Print word for word the records from the line containing "elim=> [//|[_ k1|m" through the end.

┄┄┄┄┄┄

(* Let $n\in\mathbb{N}$, let $A\subset\mathbb{R}$, let $a\in\mathbb{R}$ with $a\notin\overline{A}$ (the closure of $A$), and let $f:A\cup\{a\}\to\mathbb{R}$. Suppose that for every $k\in\{1,\dots,n\}$ the set $\{[x_1,\dots,x_k;f] : x_1,\dots,x_k\in A \text{ pairwise distinct}\}$ is bounded. Then for every $k\in\{1,\dots,n\}$ the set $\{[x_1,\dots,x_k;f] : x_1,\dots,x_k\in A\cup\{a\} \text{ pairwise distinct}\}$ is bounded.
   Context: For a function $f$ and pairwise distinct points $x_1,\dots,x_m$ of its domain, divided differences are defined recursively by $[x_1;f]:=f(x_1)$ and $[x_1,\dots,x_{m+1};f]:=\dfrac{[x_2,\dots,x_{m+1};f]-[x_1,\dots,x_m;f]}{x_{m+1}-x_1}$; they are symmetric functions of the points. *)

From mathcomp Require Import all_boot all_order all_algebra.
From mathcomp Require Import all_classical all_reals topology normedtype.
Set Implicit Arguments. Unset Strict Implicit. Unset Printing Implicit Defensive.
Import Order.TTheory GRing.Theory Num.Theory numFieldNormedType.Exports.
Local Open Scope ring_scope.
Local Open Scope classical_set_scope.

(* divdiff f m x = [x 0, x 1, ..., x m ; f]  (m+1 points), following
   [x1;f] = f x1,
   [x1..x_{m+1};f] = ([x2..x_{m+1};f] - [x1..x_m;f]) / (x_{m+1} - x1). *)
Fixpoint divdiff (R : realType) (f : R -> R) (m : nat) (x : nat -> R) : R :=
  match m with
  | 0 => f (x 0%N)
  | m'.+1 => (divdiff f m' (fun i => x i.+1) - divdiff f m' x) / (x m'.+1 - x 0%N)
  end.

Definition distinct_pts_in (R : realType) (S : set R) (k : nat) (x : nat -> R) : Prop :=
  (forall i, (i < k)%N -> S (x i)) /\
  (forall i j, (i < k)%N -> (j < k)%N -> i <> j -> x i <> x j).

Definition dd_bounded (R : realType) (f : R -> R) (S : set R) (k : nat) : Prop :=
  exists M : R, forall x : nat -> R, distinct_pts_in S k x -> `|divdiff f k.-1 x| <= M.

From mathcomp Require Import all_boot all_order all_algebra.
From mathcomp Require Import all_classical all_reals topology normedtype.
From mathcomp Require Import ring.
Set Implicit Arguments. Unset Strict Implicit. Unset Printing Implicit Defensive.
Import Order.TTheory GRing.Theory Num.Theory numFieldNormedType.Exports.
Local Open Scope ring_scope.
Local Open Scope classical_set_scope.

(** Divided differences are symmetric in their nodes, so a point [a] among
    the nodes may be moved to the last position.  The recursion then writes
    [[x_1, ..., x_{k-1}, a; f]] as the difference of a divided difference of
    [k-1] nodes of [A ∪ {a}] and one of [k-1] nodes of [A], divided by
    [a - x_1]; both are bounded (the first by induction on [k]) and
    [|a - x_1|] is bounded below since [a] is not in the closure of [A]. *)

Section LagrangeForm.
Variables (F : fieldType) (f : F -> F).

Definition ddweight (s : seq F) (y : F) : F := \prod_(z <- s | z != y) (y - z)^-1.

(* The closed form of the divided difference on distinct nodes [s]; it is
   visibly invariant under permutations of [s]. *)
Definition ddsum (s : seq F) : F := \sum_(y <- s) f y * ddweight s y.

Lemma ddweight_cons z s y :
  ddweight (z :: s) y = (if z != y then (y - z)^-1 else 1) * ddweight s y.
Proof. by rewrite /ddweight big_cons; case: ifP => _ //; rewrite mul1r. Qed.

Lemma ddweight_rcons z s y :
  ddweight (rcons s z) y = ddweight s y * (if z != y then (y - z)^-1 else 1).
Proof. by rewrite /ddweight big_rcons. Qed.

Lemma ddsum_recursion u v s : uniq (u :: rcons s v) ->
  ddsum (u :: rcons s v) = (ddsum (rcons s v) - ddsum (u :: s)) / (v - u).
Proof.
rewrite /= rcons_uniq mem_rcons in_cons negb_or => /andP[/andP[uv us] /andP[vs _]].
have vu : v - u != 0 by rewrite subr_eq0 eq_sym.
have uv' : u - v != 0 by rewrite subr_eq0.
rewrite /ddsum big_cons big_rcons /= big_rcons /= big_cons /=.
rewrite !ddweight_cons !ddweight_rcons eqxx /= uv eq_sym uv.
have inner : \sum_(y <- s) f y * ddweight (u :: rcons s v) y
    = (\sum_(y <- s) f y * ddweight (rcons s v) y
       - \sum_(y <- s) f y * ddweight (u :: s) y) / (v - u).
  rewrite -sumrB mulr_suml big_seq [RHS]big_seq; apply: eq_bigr => y ys.
  have uy : u != y by apply: contraNneq us => ->.
  have vy : v != y by apply: contraNneq vs => ->.
  have yu : y - u != 0 by rewrite subr_eq0 eq_sym.
  have yv : y - v != 0 by rewrite subr_eq0 eq_sym.
  by rewrite !ddweight_cons !ddweight_rcons uy vy; field; rewrite yu yv vu.
by rewrite inner; field; rewrite vu uv'.
Qed.

Lemma ddsum_perm s t : perm_eq s t -> ddsum s = ddsum t.
Proof.
move=> st; rewrite /ddsum (perm_big t st); apply: eq_bigr => y _.
by rewrite /ddweight (perm_big t st).
Qed.

End LagrangeForm.

Section Symmetry.
Variables (R : realType) (f : R -> R).

Definition nodes (x : nat -> R) (m : nat) : seq R := [seq x i | i <- iota 0 m.+1].

Lemma map_iota_succ (x : nat -> R) k n :
  [seq x i.+1 | i <- iota k n] = [seq x i | i <- iota k.+1 n].
Proof. by elim: n k => //= n IH k; rewrite IH. Qed.

Lemma nodesS (x : nat -> R) m : nodes x m.+1 = x 0%N :: nodes (fun i => x i.+1) m.
Proof. by rewrite /nodes map_iota_succ. Qed.

Lemma nodes_behead (x : nat -> R) m :
  nodes (fun i => x i.+1) m = rcons [seq x i | i <- iota 1 m] (x m.+1).
Proof. by rewrite /nodes map_iota_succ -[X in iota 1 X]addn1 iotaD map_cat cats1. Qed.

Lemma divdiff_ddsum m x : uniq (nodes x m) -> divdiff f m x = ddsum f (nodes x m).
Proof.
elim: m x => [|m IH] x xu.
  by rewrite /ddsum /ddweight /nodes /= !big_cons !big_nil eqxx /= mulr1 addr0.
rewrite nodesS nodes_behead in xu *.
set mid := [seq x i | i <- iota 1 m].
have xmid : nodes x m = x 0%N :: mid by [].
have xu' := xu; rewrite /= mem_rcons in_cons negb_or in xu'.
case/andP: xu' => /andP[_ x0mid] midu.
rewrite /= !IH ?nodes_behead ?xmid /= ?x0mid //; last by rewrite rcons_uniq in midu; case/andP: midu.
by rewrite ddsum_recursion.
Qed.

Lemma divdiff_perm m x y : uniq (nodes x m) -> perm_eq (nodes x m) (nodes y m) ->
  divdiff f m x = divdiff f m y.
Proof.
move=> xu xy; have yu : uniq (nodes y m) by rewrite -(perm_uniq xy).
by rewrite !divdiff_ddsum //; apply: ddsum_perm.
Qed.

End Symmetry.

Definition swapn (p q i : nat) : nat := if i == p then q else if i == q then p else i.

Lemma swapnK p q : involutive (swapn p q).
Proof.
move=> i; rewrite /swapn.
case: (eqVneq i p) => [->|ip]; first by rewrite eqxx; case: eqVneq.
case: (eqVneq i q) => [->|iq]; first by rewrite eqxx.
by rewrite (negbTE ip) (negbTE iq).
Qed.

Lemma swapn_lt p q N i : (p < N)%N -> (q < N)%N -> (i < N)%N -> (swapn p q i < N)%N.
Proof. by move=> hp hq hi; rewrite /swapn; repeat case: ifP. Qed.

Lemma perm_nodes_swapn (R : realType) (x : nat -> R) p q m :
  (p <= m)%N -> (q <= m)%N -> perm_eq (nodes (x \o swapn p q) m) (nodes x m).
Proof.
move=> hp hq; rewrite /nodes (map_comp x (swapn p q)); apply: perm_map; apply: uniq_perm.
- by rewrite map_inj_uniq ?iota_uniq //; apply: can_inj (swapnK p q).
- exact: iota_uniq.
move=> i; rewrite mem_iota add0n; apply/mapP/idP.
  by move=> [j]; rewrite mem_iota add0n => hj ->; apply: swapn_lt.
by move=> hi; exists (swapn p q i); rewrite ?swapnK // mem_iota add0n swapn_lt.
Qed.

Section DistinctPoints.
Variables (R : realType) (S : set R).

Lemma distinct_pts_uniq k x : distinct_pts_in S k.+1 x -> uniq (nodes x k).
Proof.
move=> [_ xd]; rewrite map_inj_in_uniq ?iota_uniq // => i j.
rewrite !mem_iota !add0n => hi hj xij; apply: contrapT => ij.
exact: xd i j hi hj ij xij.
Qed.

Lemma distinct_pts_behead k x :
  distinct_pts_in S k.+1 x -> distinct_pts_in S k (fun i => x i.+1).
Proof.
by move=> [xS xd]; split=> [i ik | i j ik jk ij]; [apply: xS | apply: xd => // -[]].
Qed.

Lemma distinct_pts_belast k x : distinct_pts_in S k.+1 x -> distinct_pts_in S k x.
Proof.
by move=> [xS xd]; split=> [i /ltnW ik | i j /ltnW ik /ltnW jk]; [apply: xS | apply: xd].
Qed.

Lemma distinct_pts_swapn k p q x : (p < k)%N -> (q < k)%N ->
  distinct_pts_in S k x -> distinct_pts_in S k (x \o swapn p q).
Proof.
move=> hp hq [xS xd]; split=> [i hi|i j hi hj ij]; first by apply/xS/swapn_lt.
apply: xd; rewrite ?swapn_lt //.
by move=> e; apply: ij; rewrite -(swapnK p q i) e swapnK.
Qed.

End DistinctPoints.

Lemma not_closure_separated (R : realType) (A : set R) (a : R) :
  ~ closure A a -> exists2 e : R, 0 < e & forall y, A y -> e <= `|y - a|.
Proof.
move=> aA; apply: contrapT => nsep; apply: aA => B /nbhs_ballP [e e0 eB].
apply: contrapT => AB; apply: nsep; exists e => // y Ay.
rewrite leNgt; apply/negP => ya; apply: AB; exists y; split => //.
by apply: eB; rewrite -ball_normE /= distrC.
Qed.

Section AddPoint.
Variables (R : realType) (f : R -> R) (A : set R) (a : R).

Lemma dd_bounded1_setU1 : dd_bounded f A 1 -> dd_bounded f (A `|` [set a]) 1.
Proof.
move=> [M hM]; exists (Num.max M `|f a|) => x [xS _] /=.
rewrite le_max; case: (xS 0%N isT) => [x0A|->]; last by rewrite lexx orbT.
apply/orP; left; apply: hM; split; first by case.
by do 2!case=> //.
Qed.

Lemma divdiff_point_last m x p : (p <= m)%N -> x p = a ->
  distinct_pts_in (A `|` [set a]) m.+1 x ->
  exists y, [/\ distinct_pts_in (A `|` [set a]) m.+1 y, y m = a,
    forall i, (i < m)%N -> A (y i) & divdiff f m x = divdiff f m y].
Proof.
move=> pm xpa xd; set y := x \o swapn p m.
have yd : distinct_pts_in (A `|` [set a]) m.+1 y by apply: distinct_pts_swapn.
have yma : y m = a by rewrite /y /= /swapn eqxx; case: eqVneq => [->|].
exists y; split => //.
- move=> i im; case: (yd.1 i (ltnW im)) => // yia.
  by have /eqP/(yd.2 i m (ltnW im) (ltnSn m)) := ltn_eqF im; rewrite yia yma.
- apply: divdiff_perm; first exact: distinct_pts_uniq xd.
  by rewrite perm_sym perm_nodes_swapn.
Qed.

Lemma dd_boundedS_setU1 m e : 0 < e -> (forall y, A y -> e <= `|y - a|) ->
  dd_bounded f (A `|` [set a]) m.+1 -> dd_bounded f A m.+1 -> dd_bounded f A m.+2 ->
  dd_bounded f (A `|` [set a]) m.+2.
Proof.
move=> e0 sep [C hC] [M1 hM1] [M2 hM2].
exists (Num.max M2 ((C + M1) / e)) => x xd; rewrite le_max; apply/orP.
have [[p [pm xpa]] | noa] := pselect (exists p, (p < m.+2)%N /\ x p = a); last first.
  left; apply: hM2; split; last exact: xd.2.
  by move=> i im; case: (xd.1 i im) => // xia; case: noa; exists i.
right; have [y [yd yma yA ->]] := divdiff_point_last (m := m.+1) pm xpa xd; rewrite /=.
have nC : `|divdiff f m (fun i => y i.+1)| <= C by apply/hC/distinct_pts_behead.
have nM1 : `|divdiff f m y| <= M1.
  apply: hM1; split; [exact: yA | exact: (distinct_pts_belast yd).2].
have den : e <= `|y m.+1 - y 0%N| by rewrite yma distrC; apply/sep/yA.
rewrite normrM normfV; apply: ler_pM.
- exact: normr_ge0.
- by rewrite invr_ge0 normr_ge0.
- exact: le_trans (ler_normB _ _) (lerD nC nM1).
- by rewrite lef_pV2 ?posrE // (lt_le_trans e0 den).
Qed.

End AddPoint.

Theorem lemma1 (R : realType) (n : nat) (A : set R) (a : R) (f : R -> R) :
  ~ closure A a ->
  (forall k : nat, (1 <= k <= n)%N -> dd_bounded f A k) ->
  forall k : nat, (1 <= k <= n)%N -> dd_bounded f (A `|` [set a]) k.
Proof.
move=> aA hA; have [e e0 sep] := not_closure_separated aA.
elim=> [//|[_ k1|m IH km]]; first exact/dd_bounded1_setU1/hA.
have km' : (1 <= m.+1 <= n)%N by case/andP: km => _ /ltnW ->.
by apply: dd_boundedS_setU1 e0 sep (IH km') (hA _ km') (hA _ km).
Qed.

┄┄┄┄┄┄

— EXERCISE ANSWER —
elim=> [//|[_ k1|m IH km]]; first exact/dd_bounded1_setU1/hA.
have km' : (1 <= m.+1 <= n)%N by case/andP: km => _ /ltnW ->.
by apply: dd_boundedS_setU1 e0 sep (IH km') (hA _ km') (hA _ km).
Qed.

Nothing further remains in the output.